The response must be made up of the lines in the entries below that contain "first".

════════

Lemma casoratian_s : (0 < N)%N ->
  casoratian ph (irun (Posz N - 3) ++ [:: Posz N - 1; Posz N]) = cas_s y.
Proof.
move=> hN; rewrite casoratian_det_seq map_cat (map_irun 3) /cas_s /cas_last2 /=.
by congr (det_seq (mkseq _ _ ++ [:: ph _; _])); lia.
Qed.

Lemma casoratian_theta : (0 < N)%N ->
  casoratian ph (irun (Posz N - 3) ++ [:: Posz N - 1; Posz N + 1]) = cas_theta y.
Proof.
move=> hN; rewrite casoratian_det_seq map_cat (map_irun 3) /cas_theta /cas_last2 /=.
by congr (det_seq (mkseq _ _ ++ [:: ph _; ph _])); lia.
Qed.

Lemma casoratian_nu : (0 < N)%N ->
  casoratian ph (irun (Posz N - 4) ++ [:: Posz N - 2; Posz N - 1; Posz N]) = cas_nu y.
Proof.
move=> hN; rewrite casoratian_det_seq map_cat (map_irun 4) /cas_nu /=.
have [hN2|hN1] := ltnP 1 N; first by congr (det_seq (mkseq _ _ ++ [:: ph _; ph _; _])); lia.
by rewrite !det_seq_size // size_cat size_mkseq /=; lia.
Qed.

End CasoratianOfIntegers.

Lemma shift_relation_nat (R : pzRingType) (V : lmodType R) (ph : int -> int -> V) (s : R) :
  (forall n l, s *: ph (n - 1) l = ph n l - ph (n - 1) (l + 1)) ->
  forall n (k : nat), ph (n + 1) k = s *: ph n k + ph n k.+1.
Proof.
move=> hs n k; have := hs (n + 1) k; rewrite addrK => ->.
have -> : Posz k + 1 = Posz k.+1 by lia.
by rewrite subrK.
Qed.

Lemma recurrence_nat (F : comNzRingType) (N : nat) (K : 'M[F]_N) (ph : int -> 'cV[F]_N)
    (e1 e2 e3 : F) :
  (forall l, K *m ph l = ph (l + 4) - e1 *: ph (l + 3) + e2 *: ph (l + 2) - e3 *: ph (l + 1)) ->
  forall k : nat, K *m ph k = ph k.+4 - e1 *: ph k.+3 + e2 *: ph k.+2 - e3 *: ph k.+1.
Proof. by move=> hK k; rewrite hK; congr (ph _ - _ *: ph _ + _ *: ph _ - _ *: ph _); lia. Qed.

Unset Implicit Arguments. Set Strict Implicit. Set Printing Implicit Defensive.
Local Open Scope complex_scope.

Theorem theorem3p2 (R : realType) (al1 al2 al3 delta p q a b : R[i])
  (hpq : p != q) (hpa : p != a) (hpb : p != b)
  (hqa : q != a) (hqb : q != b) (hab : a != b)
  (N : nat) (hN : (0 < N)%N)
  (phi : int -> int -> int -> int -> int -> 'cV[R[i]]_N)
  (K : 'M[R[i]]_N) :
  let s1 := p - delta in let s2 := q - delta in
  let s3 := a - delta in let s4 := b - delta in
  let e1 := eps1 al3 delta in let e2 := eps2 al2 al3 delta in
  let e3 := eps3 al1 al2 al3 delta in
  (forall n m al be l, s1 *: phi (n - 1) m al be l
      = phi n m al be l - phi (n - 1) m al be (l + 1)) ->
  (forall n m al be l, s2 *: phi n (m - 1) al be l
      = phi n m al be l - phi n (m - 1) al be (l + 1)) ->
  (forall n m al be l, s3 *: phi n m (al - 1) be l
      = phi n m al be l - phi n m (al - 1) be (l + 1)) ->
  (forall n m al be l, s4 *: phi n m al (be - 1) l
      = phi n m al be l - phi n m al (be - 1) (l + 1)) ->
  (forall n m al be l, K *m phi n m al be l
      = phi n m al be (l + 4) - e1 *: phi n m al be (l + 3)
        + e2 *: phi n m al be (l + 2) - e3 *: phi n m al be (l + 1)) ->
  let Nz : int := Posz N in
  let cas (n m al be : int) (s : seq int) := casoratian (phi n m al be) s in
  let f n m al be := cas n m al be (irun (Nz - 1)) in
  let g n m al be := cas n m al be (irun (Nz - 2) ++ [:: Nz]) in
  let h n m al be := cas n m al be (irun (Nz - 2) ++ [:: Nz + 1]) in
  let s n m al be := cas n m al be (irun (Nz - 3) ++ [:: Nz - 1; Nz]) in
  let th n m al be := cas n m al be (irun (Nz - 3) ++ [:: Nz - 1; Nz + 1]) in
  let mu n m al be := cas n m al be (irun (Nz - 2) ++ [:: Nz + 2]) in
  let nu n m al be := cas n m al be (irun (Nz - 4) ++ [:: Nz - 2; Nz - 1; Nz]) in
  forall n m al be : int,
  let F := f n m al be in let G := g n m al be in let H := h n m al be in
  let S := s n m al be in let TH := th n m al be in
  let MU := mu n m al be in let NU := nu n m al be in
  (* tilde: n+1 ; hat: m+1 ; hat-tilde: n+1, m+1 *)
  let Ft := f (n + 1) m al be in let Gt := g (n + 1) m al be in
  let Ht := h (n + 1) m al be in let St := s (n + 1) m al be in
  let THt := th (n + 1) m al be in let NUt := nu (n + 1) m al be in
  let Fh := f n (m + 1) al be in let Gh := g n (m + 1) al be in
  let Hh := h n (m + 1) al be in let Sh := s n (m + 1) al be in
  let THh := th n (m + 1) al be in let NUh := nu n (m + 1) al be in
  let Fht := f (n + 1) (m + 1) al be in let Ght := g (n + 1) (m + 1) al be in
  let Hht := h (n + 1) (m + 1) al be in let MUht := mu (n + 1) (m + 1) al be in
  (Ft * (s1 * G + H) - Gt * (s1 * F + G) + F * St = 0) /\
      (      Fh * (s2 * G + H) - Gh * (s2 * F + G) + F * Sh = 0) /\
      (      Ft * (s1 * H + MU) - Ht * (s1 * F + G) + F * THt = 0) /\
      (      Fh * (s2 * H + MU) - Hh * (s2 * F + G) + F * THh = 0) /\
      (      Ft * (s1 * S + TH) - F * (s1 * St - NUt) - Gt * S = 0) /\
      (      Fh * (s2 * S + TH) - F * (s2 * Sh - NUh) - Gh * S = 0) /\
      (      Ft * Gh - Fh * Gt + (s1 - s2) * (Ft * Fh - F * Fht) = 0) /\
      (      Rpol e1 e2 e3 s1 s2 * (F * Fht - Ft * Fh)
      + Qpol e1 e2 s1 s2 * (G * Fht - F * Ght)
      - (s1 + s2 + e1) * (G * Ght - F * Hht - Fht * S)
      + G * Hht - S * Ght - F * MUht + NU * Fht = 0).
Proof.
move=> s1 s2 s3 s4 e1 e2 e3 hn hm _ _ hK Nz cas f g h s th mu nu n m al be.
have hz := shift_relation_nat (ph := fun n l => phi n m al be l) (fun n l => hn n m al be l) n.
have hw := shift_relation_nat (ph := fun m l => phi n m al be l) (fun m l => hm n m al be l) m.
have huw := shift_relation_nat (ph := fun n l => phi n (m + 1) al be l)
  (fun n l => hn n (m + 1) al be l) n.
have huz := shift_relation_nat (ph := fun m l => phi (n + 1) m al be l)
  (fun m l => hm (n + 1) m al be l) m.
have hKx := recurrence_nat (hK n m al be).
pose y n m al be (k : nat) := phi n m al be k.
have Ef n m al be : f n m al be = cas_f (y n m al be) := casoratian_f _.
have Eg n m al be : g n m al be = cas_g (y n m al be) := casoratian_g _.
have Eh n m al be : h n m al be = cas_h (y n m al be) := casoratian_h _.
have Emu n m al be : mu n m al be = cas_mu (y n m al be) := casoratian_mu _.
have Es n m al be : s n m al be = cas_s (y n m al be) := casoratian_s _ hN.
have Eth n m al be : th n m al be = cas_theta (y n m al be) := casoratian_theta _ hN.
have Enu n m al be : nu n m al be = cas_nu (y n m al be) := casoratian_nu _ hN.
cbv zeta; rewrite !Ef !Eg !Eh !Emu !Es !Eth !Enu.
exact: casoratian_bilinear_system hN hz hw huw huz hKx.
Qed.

════════

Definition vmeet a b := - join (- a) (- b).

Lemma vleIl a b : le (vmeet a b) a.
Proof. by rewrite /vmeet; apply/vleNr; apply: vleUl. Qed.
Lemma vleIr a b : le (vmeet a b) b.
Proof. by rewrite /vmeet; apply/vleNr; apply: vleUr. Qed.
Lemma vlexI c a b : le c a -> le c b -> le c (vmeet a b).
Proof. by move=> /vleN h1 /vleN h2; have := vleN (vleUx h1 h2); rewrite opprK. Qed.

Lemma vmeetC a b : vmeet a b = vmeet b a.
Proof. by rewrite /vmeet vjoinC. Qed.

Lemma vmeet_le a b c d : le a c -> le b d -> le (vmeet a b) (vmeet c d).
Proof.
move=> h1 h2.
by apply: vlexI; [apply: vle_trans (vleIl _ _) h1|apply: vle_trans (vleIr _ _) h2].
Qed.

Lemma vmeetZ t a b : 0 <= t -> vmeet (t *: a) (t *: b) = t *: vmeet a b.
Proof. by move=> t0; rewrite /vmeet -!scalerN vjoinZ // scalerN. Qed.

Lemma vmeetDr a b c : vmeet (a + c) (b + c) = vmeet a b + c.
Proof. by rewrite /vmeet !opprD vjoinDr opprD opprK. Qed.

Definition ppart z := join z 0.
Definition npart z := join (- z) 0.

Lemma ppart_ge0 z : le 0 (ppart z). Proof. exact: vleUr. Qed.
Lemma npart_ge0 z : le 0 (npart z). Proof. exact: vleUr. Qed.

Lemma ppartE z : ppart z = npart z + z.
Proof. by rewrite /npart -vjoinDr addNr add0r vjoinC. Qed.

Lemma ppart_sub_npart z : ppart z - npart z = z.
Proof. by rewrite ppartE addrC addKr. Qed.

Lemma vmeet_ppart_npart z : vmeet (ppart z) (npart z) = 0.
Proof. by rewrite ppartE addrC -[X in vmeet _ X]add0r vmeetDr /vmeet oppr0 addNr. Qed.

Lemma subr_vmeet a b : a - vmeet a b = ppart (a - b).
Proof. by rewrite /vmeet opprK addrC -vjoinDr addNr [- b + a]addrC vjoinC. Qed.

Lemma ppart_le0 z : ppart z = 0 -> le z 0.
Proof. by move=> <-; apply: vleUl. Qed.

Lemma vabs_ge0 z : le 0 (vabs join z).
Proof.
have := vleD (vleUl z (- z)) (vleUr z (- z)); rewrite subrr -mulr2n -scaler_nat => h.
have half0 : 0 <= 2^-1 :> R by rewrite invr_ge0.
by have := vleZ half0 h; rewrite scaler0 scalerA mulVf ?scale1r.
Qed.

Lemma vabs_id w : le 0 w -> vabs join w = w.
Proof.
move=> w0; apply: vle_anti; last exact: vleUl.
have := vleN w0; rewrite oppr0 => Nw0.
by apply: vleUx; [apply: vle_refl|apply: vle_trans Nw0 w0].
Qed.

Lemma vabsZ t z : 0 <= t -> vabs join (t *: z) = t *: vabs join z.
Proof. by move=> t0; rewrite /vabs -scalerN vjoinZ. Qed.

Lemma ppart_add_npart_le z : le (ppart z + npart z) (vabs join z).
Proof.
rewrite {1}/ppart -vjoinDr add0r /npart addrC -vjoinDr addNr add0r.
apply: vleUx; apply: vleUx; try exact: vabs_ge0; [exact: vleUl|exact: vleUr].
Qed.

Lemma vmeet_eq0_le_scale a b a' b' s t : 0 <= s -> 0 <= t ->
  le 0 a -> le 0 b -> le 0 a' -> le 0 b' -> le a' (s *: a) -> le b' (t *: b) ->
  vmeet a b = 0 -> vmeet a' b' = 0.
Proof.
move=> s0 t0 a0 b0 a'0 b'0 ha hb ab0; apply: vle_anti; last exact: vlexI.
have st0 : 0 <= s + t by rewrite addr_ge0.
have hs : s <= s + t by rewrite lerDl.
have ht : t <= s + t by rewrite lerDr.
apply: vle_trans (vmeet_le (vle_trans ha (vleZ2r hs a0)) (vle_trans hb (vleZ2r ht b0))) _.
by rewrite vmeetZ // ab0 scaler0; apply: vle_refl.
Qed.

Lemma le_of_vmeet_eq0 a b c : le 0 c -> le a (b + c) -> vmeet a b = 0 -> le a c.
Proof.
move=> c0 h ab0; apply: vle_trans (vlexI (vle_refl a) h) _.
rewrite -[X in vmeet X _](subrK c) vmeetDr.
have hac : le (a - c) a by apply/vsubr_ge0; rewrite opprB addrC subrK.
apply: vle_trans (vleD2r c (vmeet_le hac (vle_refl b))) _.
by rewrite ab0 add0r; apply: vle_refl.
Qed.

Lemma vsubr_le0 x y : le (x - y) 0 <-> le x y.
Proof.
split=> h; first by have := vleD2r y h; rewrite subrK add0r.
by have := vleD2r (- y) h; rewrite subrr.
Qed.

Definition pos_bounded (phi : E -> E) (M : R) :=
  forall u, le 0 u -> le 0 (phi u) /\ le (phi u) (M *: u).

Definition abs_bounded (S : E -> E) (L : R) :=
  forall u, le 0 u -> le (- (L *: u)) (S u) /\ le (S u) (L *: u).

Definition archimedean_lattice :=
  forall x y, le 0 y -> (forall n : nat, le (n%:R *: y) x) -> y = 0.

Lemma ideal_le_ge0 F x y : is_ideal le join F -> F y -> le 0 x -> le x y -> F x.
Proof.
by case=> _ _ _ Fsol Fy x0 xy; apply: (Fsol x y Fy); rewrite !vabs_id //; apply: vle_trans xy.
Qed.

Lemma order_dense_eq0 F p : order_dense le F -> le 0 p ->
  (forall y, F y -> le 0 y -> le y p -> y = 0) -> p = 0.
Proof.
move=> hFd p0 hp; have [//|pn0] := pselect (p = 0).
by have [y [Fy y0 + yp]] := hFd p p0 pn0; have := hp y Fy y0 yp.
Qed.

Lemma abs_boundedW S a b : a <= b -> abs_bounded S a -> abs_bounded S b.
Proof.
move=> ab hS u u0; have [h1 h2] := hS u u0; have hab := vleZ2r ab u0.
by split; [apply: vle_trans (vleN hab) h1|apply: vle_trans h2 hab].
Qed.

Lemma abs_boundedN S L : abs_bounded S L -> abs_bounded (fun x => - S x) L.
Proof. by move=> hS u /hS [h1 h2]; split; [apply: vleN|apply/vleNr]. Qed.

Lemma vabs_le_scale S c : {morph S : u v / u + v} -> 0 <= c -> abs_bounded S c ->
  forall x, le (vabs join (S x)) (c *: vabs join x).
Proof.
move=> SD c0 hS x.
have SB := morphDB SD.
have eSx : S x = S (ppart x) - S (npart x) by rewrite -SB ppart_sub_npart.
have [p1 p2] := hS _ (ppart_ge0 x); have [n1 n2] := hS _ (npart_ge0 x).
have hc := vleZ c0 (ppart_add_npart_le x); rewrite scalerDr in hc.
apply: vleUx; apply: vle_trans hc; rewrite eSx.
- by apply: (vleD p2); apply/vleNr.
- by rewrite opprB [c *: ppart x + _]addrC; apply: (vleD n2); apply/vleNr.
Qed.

════════

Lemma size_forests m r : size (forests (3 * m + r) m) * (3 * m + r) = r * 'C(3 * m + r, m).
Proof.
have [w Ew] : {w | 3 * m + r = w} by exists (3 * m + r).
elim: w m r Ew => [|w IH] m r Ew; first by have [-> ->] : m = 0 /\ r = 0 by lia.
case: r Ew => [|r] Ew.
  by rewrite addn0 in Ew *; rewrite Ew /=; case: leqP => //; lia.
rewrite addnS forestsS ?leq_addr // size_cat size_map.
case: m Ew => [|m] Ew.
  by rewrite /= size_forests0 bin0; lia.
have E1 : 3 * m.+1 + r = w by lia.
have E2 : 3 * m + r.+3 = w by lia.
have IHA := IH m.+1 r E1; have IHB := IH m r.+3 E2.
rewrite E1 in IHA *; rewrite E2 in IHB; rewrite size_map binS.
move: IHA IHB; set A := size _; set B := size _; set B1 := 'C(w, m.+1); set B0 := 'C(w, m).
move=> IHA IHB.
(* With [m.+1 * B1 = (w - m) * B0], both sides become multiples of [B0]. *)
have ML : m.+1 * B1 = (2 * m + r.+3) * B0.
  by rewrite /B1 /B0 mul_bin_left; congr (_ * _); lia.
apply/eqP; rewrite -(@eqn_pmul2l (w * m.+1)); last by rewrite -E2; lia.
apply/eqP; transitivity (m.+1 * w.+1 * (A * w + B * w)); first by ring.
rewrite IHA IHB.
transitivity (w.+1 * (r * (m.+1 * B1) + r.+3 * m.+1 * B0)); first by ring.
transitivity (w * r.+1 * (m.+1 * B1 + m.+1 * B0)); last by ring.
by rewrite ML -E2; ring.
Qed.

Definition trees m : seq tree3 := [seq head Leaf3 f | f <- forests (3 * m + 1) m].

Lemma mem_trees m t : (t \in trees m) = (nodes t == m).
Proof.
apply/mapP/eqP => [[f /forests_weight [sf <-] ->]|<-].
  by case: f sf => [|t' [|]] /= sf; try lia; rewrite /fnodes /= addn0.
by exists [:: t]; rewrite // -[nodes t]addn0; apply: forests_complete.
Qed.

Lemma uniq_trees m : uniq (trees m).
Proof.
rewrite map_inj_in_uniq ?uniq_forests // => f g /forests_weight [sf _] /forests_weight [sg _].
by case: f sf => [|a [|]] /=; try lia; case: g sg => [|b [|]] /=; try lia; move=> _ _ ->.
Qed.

════════

• ANSWER TO THE EXERCISE
have [hN2|hN1] := ltnP 1 N; first by congr (det_seq (mkseq _ _ ++ [:: ph _; ph _; _])); lia.
split=> h; first by have := vleD2r y h; rewrite subrK add0r.
elim: w m r Ew => [|w IH] m r Ew; first by have [-> ->] : m = 0 /\ r = 0 by lia.
apply/eqP; transitivity (m.+1 * w.+1 * (A * w + B * w)); first by ring.
transitivity (w.+1 * (r * (m.+1 * B1) + r.+3 * m.+1 * B0)); first by ring.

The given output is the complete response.